COSC 40803 Advanced Topics in Computer Hardware. Prerequisite: Permission of instructor. Advanced topics of current interest in computer hardware, such as computer design, computer networks, advanced computer graphics. Students will study current literature. May be repeated for credit when topic changes.

COSC 40903 Advanced Topics in Computer Software. Prerequisite: Permission of instructor. Advanced topics of current interest in computer software, such as natural language programming, advanced operating systems, advanced compiler design, file structures, advanced database. Students will study current literature. May be repeated for credit when topic changes.

COSC 40943 Software Engineering. Prerequisite: Senior standing. Stages of the software development lifecycle (requirements analysis, specification, design, implementation, testing), evolution, and quality assurance. Classical and alternative process models and techniques are described and discussed. Management issues, professional responsibilities, and ethics of the profession are covered. Includes team projects and individual requirements analysis effort.

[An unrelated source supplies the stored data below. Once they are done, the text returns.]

(* Let $C\subseteq\mathbb{F}_2^n$ be a binary linear $[n,k,d]$ code with $\mathbf{1}_n\in C$, whose dual $C^\perp$ has minimum distance $d^\perp$, let $t$ be a positive integer with $$d^\perp-t=\#\{u \mid C_u\neq\emptyset,\ 0<u\le n-t\}=3,$$ and suppose the nonzero weights of $C$ are exactly $d,\ n/2,\ n-d,\ n$ (with $n$ even). If $d^\perp\ge 8$, then $$n^2-(4d+3)n+4d^2+8=0.$$
   Context: $\mathbf{1}_n$ is the all-ones vector; $C^\perp$ is the dual code with respect to the standard inner product; $d^\perp$ is the minimum nonzero weight of $C^\perp$; $C_u=\{c\in C:\mathrm{wt}(c)=u\}$ (Hamming weight). The paper notes that in the case $d^\perp-t=3$ the weight distribution of $C$ is supported on $0,d,n/2,n-d,n$ with $n$ even, and works under this assumption throughout. *)

From mathcomp Require Import all_boot all_order all_algebra.
Set Implicit Arguments. Unset Strict Implicit. Unset Printing Implicit Defensive.
Import GRing.Theory.
Local Open Scope ring_scope.

Definition word n := 'rV['F_2]_n.

Definition wt n (c : word n) : nat := #|[set i : 'I_n | c 0 i != 0]|.

Definition ones n : word n := const_mx 1.

Definition dotw n (x y : word n) : 'F_2 := \sum_(i < n) x 0 i * y 0 i.

(* a binary linear code: a subset of F_2^n that is an F_2-subspace
   (over F_2, containing 0 and closed under addition suffices) *)
Definition is_linear_code n (C : {set word n}) : Prop :=
  0 \in C /\ (forall x y, x \in C -> y \in C -> x + y \in C).

Definition dual n (C : {set word n}) : {set word n} :=
  [set x | [forall c in C, dotw x c == 0]].

Definition is_min_weight n (S : {set word n}) (m : nat) : Prop :=
  (exists2 c, c \in S & (c != 0) /\ wt c = m) /\
  (forall c, c \in S -> c != 0 -> (m <= wt c)%N).

(* u is a weight occurring in C, i.e. C_u is nonempty *)
Definition has_weight n (C : {set word n}) (u : nat) : bool :=
  [exists c in C, wt c == u].

(* Write bias c = n - 2 wt c = \sum_i (-1)^(c_i).  Expanding bias c ^ j and using
   orthogonality of characters, \sum_(c in C) bias c ^ j = |C| times the number of
   j-tuples of coordinates whose indicator vectors add up to a word of the dual code.
   For j < d^perp only the tuples adding up to 0 count, so the j-th moment of bias over C
   is |C| / 2^n times the one over the whole space, i.e. the j-th moment of a sum of n
   independent signs: n, 3n^2 - 2n and 15n^3 - 30n^2 + 16n for j = 2, 4, 6.
   The words 0 and 1 have bias n and -n; every other codeword has bias 0 or
   +-(n - 2d).  With y = (n - 2d)^2 the three moment equations are linear in |C| and in
   Q = the sum of bias^2 over the other codewords; eliminating both leaves
   2 n^3 (n^2 - y) (n - 1) (n - 2) (y - 3n + 8) = 0, hence y = 3n - 8, which is the
   claimed identity.  The condition on the number of weights in (0, n - t] only serves
   to exclude n <= 2 and d = n. *)

From mathcomp Require Import all_boot all_order all_algebra zify ring.
Import GRing.Theory.
Set Implicit Arguments. Unset Strict Implicit. Unset Printing Implicit Defensive.
Local Open Scope ring_scope.

Lemma F2_cases (a : 'F_2) : a = 0 \/ a = 1.
Proof. by case: a => -[|[|]] // ?; [left|right]; apply: val_inj. Qed.

Lemma word_oppE n (x : word n) : - x = x.
Proof. by apply/rowP => i; rewrite mxE; exact/oppr_pchar2/pchar_Fp. Qed.

Definition chi (a : 'F_2) : int := if a == 0 then 1 else -1.

Lemma chi1 : chi 1 = -1. Proof. by []. Qed.

Lemma chiD : {morph chi : a b / a + b >-> a * b}.
Proof. by move=> a b; case: (F2_cases a) => ->; case: (F2_cases b) => ->. Qed.

Lemma chiE a : chi a = 1 - 2 * (a != 0)%:R.
Proof. by case: (F2_cases a) => ->. Qed.

Definition bias n (c : word n) : int := \sum_(i < n) chi (c 0 i).

Lemma biasE n (c : word n) : bias c = n%:Z - 2 * (wt c)%:Z.
Proof.
rewrite /bias /wt; under eq_bigr do rewrite chiE.
rewrite sumrB -mulr_sumr sumr_const card_ord -natr_sum -sum1_card.
rewrite [in RHS]big_mkcond; under [in RHS]eq_bigr do rewrite inE.
by rewrite !natz.
Qed.

Lemma wt_eq0 n (c : word n) : (wt c == 0%N) = (c == 0).
Proof.
rewrite /wt cards_eq0; apply/eqP/eqP => [A0|->]; last first.
  by apply/setP => i; rewrite !inE mxE eqxx.
apply/rowP => i; rewrite mxE; apply/eqP.
by have := in_set0 i; rewrite -A0 inE => /negbFE.
Qed.

Lemma wt0 n : wt (0 : word n) = 0%N.
Proof. by apply/eqP; rewrite wt_eq0. Qed.

Lemma wt_le n (c : word n) : (wt c <= n)%N.
Proof. by rewrite /wt -[n in (_ <= n)%N]card_ord max_card. Qed.

Lemma wt_eqn n (c : word n) : (wt c == n) = (c == ones n).
Proof.
have -> : (wt c == n) = ([set i | c 0 i != 0] == setT).
  by rewrite eqEcard subsetT cardsT card_ord eqn_leq wt_le.
apply/eqP/eqP => [AT|->]; last by apply/setP => i; rewrite !inE mxE oner_neq0.
apply/rowP => i; rewrite mxE.
have := in_setT i; rewrite -AT inE.
by case: (F2_cases (c 0 i)) => ->.
Qed.

Lemma wt_ones n : wt (ones n) = n.
Proof. by apply/eqP; rewrite wt_eqn. Qed.

Lemma linear_code_addr n (C : {set word n}) x y : is_linear_code C ->
  x \in C -> (x + y \in C) = (y \in C).
Proof.
move=> [_ addC] xC; apply/idP/idP => [xyC|]; last exact: addC.
by rewrite -(addKr x y) word_oppE addC.
Qed.

Lemma dotwDr n (v x y : word n) : dotw v (x + y) = dotw v x + dotw v y.
Proof. by rewrite /dotw -big_split; apply: eq_bigr => i _; rewrite mxE mulrDr. Qed.

Lemma sum_chi_dotw n (C : {set word n}) v : is_linear_code C ->
  \sum_(c in C) chi (dotw v c) = if v \in dual C then #|C|%:Z else 0.
Proof.
move=> C_lin; case: ifP => [vC|/negbT].
  rewrite (eq_bigr (fun _ => 1)) ?sumr_const ?natz // => c cC.
  by move: vC; rewrite inE => /forall_inP /(_ c cC) /eqP ->.
rewrite inE negb_forall_in => /exists_inP [c0 c0C vc0].
have {vc0} vc0 : dotw v c0 = 1 by case: (F2_cases (dotw v c0)) vc0 => ->.
set S := (X in X = _).
suff : S = - S by lia.
rewrite {1}/S (reindex_inj (addrI c0)) /= /S -sumrN.
apply: eq_big => [c|c _]; first exact: linear_code_addr.
by rewrite dotwDr chiD vc0 chi1 mulN1r.
Qed.

Definition parity_word n j (t : 'I_j -> 'I_n) : word n :=
  \row_i \sum_(l < j) (t l == i)%:R.

Lemma dotw_parity_word n j (t : 'I_j -> 'I_n) c :
  dotw (parity_word t) c = \sum_(l < j) c 0 (t l).
Proof.
rewrite /dotw; under eq_bigr do rewrite mxE big_distrl /=.
rewrite exchange_big /=; apply: eq_bigr => l _.
rewrite (bigD1 (t l)) //= eqxx mul1r big1 ?addr0 // => i.
by rewrite eq_sym => /negPf ->; rewrite mul0r.
Qed.

Lemma wt_parity_word n j (t : 'I_j -> 'I_n) : (wt (parity_word t) <= j)%N.
Proof.
rewrite -[j in (_ <= j)%N]card_ord; apply: leq_trans (leq_image_card t _).
apply: subset_leq_card; apply/subsetP => i; rewrite inE mxE.
apply: contraR => i_notin; apply/eqP/big1 => l _.
by case: eqP => // tl; case/negP: i_notin; rewrite -tl image_f.
Qed.

Lemma dual0 n (C : {set word n}) : 0 \in dual C.
Proof.
by rewrite inE; apply/forall_inP => c _; rewrite /dotw big1 // => i _; rewrite mxE mul0r.
Qed.

Lemma dual_setT n (v : word n) : (v \in dual [set: word n]) = (v == 0).
Proof.
apply/idP/eqP => [|->]; last exact: dual0.
rewrite inE => /forall_inP vT; apply/rowP => i; rewrite mxE.
move/eqP: (vT (delta_mx 0 i) (in_setT _)); rewrite /dotw (bigD1 i) //= big1 ?addr0.
  by rewrite mxE !eqxx mulr1.
by move=> k ki; rewrite mxE (negPf ki) andbF mulr0.
Qed.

COSC 40993 Senior Design Project. Prerequisite: COSC 40943. Senior computer science majors are required to demonstrate their mastery of several computer science topics and their ability to communicate the results of their efforts to others. They are required to identify and analyze a computer science problem, develop and implement a workable solution to the problem, and then document the results of their efforts.

COSC 50123 Object-Oriented Design and Programming. Prerequisite: COSC 30403 or permission of instructor. Introduction to object-oriented techniques including design methodologies and programming language support. Survey of new languages and extensions to existing languages which provide support for encapsulation, inheritance, and polymorphism.

COSC 50133 Formal Languages. Prerequisites: COSC 40603. Languages and grammars which can be characterized in formal terms, for the purpose of constructing models for artificial (computer) languages. Topics will include finite automata, push down automata, Turing machines, solvable and unsolvable problems, etc.

COSC 50970 Special Topics in Computer Science. Prerequisite: Permission of instructor. (1-6 semester hours).